Variables (phi f : R -> C) (c C0 : R) (N : nat) (Lp Lm : C).
Hypothesis phi_Schwartz : Schwartz phi.
Hypothesis phi_even : forall x, phi (- x) = phi x.
Hypothesis phi_mass : is_RInt_gen phi (Rbar_locally m_infty) (Rbar_locally p_infty) (RtoC 1).
Hypothesis f_pw : pw_continuous f.
Hypothesis f_growth : forall r, 0 < r -> RInt (fun x => Cmod (f x)) (- r) r <= C0 * (1 + r) ^ N.
Hypothesis f_right : filterlim f (at_right c) (locally Lp).
Hypothesis f_left : filterlim f (at_left c) (locally Lm).

Let S := Cmod Lp + Cmod Lm.
Let A x := Cmod (f x) + S.
(* [A] has growth exponent [N + 1] (the constant [S] adds a linear term), hence the weight
   exponent [(N + 1) + 2]. *)
Let P := (N + 1 + 2)%nat.
Let Ktot := (C0 + 2 * S) * 3 ^ P.

Lemma phi_ex_RInt a b : ex_RInt phi a b.
Proof.
  apply (ex_RInt_continuous (V:=C_R_CompleteNormedModule)). intros x _.
  apply Schwartz_continuous, phi_Schwartz.
Qed.

Lemma phi_kc_ex_RInt k a b : ex_RInt (phi_kc phi k c) a b.
Proof.
  apply (ex_RInt_continuous (V:=C_R_CompleteNormedModule)). intros x _.
  apply continuous_phi_kc, Schwartz_continuous, phi_Schwartz.
Qed.

Lemma f_phi_kc_ex_RInt k a b : ex_RInt (fun x => Cmult (f x) (phi_kc phi k c x)) a b.
Proof.
  apply (pw_continuous_ex_RInt (V:=C_R_CompleteNormedModule)).
  apply (pw_continuous_comp2 f (phi_kc phi k c) Cmult f_pw); [|apply filterlim_Cmult].
  apply pw_continuous_of_continuous, continuous_phi_kc, Schwartz_continuous, phi_Schwartz.
Qed.

Lemma S_nonneg : 0 <= S.
Proof. unfold S. pose proof (Cmod_ge_0 Lp). pose proof (Cmod_ge_0 Lm). lra. Qed.

Lemma A_pw_continuous : pw_continuous A.
Proof.
  apply (pw_continuous_comp (fun x => Cmod (f x)) (fun y => y + S));
    [apply pw_continuous_comp; [exact f_pw|apply continuous_Cmod]|apply continuous_Rplus_r].
Qed.

Lemma A_ex_RInt a b : ex_RInt A a b.
Proof. apply (pw_continuous_ex_RInt (V:=R_CompleteNormedModule)), A_pw_continuous. Qed.

Lemma A_weighted_ex_RInt a b : ex_RInt (fun x => A x * poly_weight P x) a b.
Proof.
  apply (pw_continuous_ex_RInt (V:=R_CompleteNormedModule)).
  apply (pw_continuous_comp2 A (poly_weight P) Rmult A_pw_continuous); [|apply filterlim_Rmult].
  apply pw_continuous_of_continuous, continuous_poly_weight.
Qed.

Lemma A_nonneg x : 0 <= A x.
Proof. unfold A. pose proof (Cmod_ge_0 (f x)). pose proof S_nonneg. lra. Qed.

Lemma f_Cmod_ex_RInt a b : ex_RInt (fun x => Cmod (f x)) a b.
Proof.
  apply (pw_continuous_ex_RInt (V:=R_CompleteNormedModule)), pw_continuous_comp;
    [exact f_pw|apply continuous_Cmod].
Qed.

Lemma A_growth r : 0 < r -> RInt A (- r) r <= (C0 + 2 * S) * (1 + r) ^ (N + 1).
Proof.
  intros Hr. unfold A.
  rewrite (RInt_plus (V:=R_CompleteNormedModule) (fun x => Cmod (f x)) (fun _ => S))
    by (apply f_Cmod_ex_RInt || apply ex_RInt_const).
  rewrite RInt_const. change (plus ?x ?y) with (x + y). change (scal ?x ?y) with (x * y).
  assert (HC0 : 0 <= C0)
    by (apply (growth_constant_nonneg (fun x => Cmod (f x)) C0 N);
        [intros; apply Cmod_ge_0|apply f_Cmod_ex_RInt|exact f_growth]).
  assert (H1 : (1 + r) ^ N <= (1 + r) ^ (N + 1)) by (apply Rle_pow; [lra|lia]).
  assert (H2 : 1 + r <= (1 + r) ^ (N + 1))
    by (rewrite <- (pow_1 (1 + r)) at 1; apply Rle_pow; [lra|lia]).
  pose proof (f_growth r Hr). pose proof S_nonneg. nra.
Qed.

Lemma Cmod_f_sub_le_A (L : C) : Cmod L <= S -> forall x, Cmod (Cminus (f x) L) <= A x.
Proof.
  intros HL x. unfold A, Cminus. eapply Rle_trans; [apply Cmod_triangle|]. rewrite Cmod_opp. lra.
Qed.

Lemma A_weighted_tails_vanish : tails_vanish (fun x => A x * poly_weight P x).
Proof.
  apply (weighted_tails_vanish A (C0 + 2 * S) (N + 1)).
  - apply A_nonneg.
  - apply A_ex_RInt.
  - apply A_growth.
  - apply A_weighted_ex_RInt.
Qed.

Lemma mollified_integrable (k : nat) : exists l,
  is_RInt_gen (fun x => Cmult (f x) (phi_kc phi k c x))
    (Rbar_locally m_infty) (Rbar_locally p_infty) l.
Proof.
  destruct (Schwartz_decay phi P phi_Schwartz) as [Q [HQ Hdecay]].
  set (lam := INR k * Q * (2 * (1 + c ^ 2)) ^ P).
  assert (Hlam : 0 <= lam).
  { unfold lam. pose proof (pos_INR k). pose proof (pow2_ge_0 c).
    apply Rmult_le_pos; [nra|apply pow_le; lra]. }
  apply (ex_RInt_gen_dominated _ (fun x => lam * (A x * poly_weight P x))).
  - apply f_phi_kc_ex_RInt.
  - intros a b. apply (ex_RInt_scal (V:=R_NormedModule)), A_weighted_ex_RInt.
  - intros x. rewrite Cmod_mult.
    replace (lam * (A x * poly_weight P x)) with (A x * (lam * poly_weight P x)) by ring.
    apply Rmult_le_compat; try apply Cmod_ge_0.
    + pose proof S_nonneg. unfold A. lra.
    + apply phi_kc_bound; assumption.
  - apply tails_vanish_scal; [exact Hlam|apply A_weighted_ex_RInt|apply A_weighted_tails_vanish].
Qed.

Lemma A_weighted_RInt_le u v : u <= v -> RInt (fun x => A x * poly_weight P x) u v <= Ktot.
Proof.
  apply (RInt_weighted_le A (C0 + 2 * S) (N + 1)).
  - apply A_nonneg.
  - apply A_ex_RInt.
  - apply A_growth.
  - apply A_weighted_ex_RInt.
Qed.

== == ==

## Exercise prompt
Show every line in the entries above that contains the string "Cminus".

## Solution for this task
Lemma Cmod_f_sub_le_A (L : C) : Cmod L <= S -> forall x, Cmod (Cminus (f x) L) <= A x.
  intros HL x. unfold A, Cminus. eapply Rle_trans; [apply Cmod_triangle|]. rewrite Cmod_opp. lra.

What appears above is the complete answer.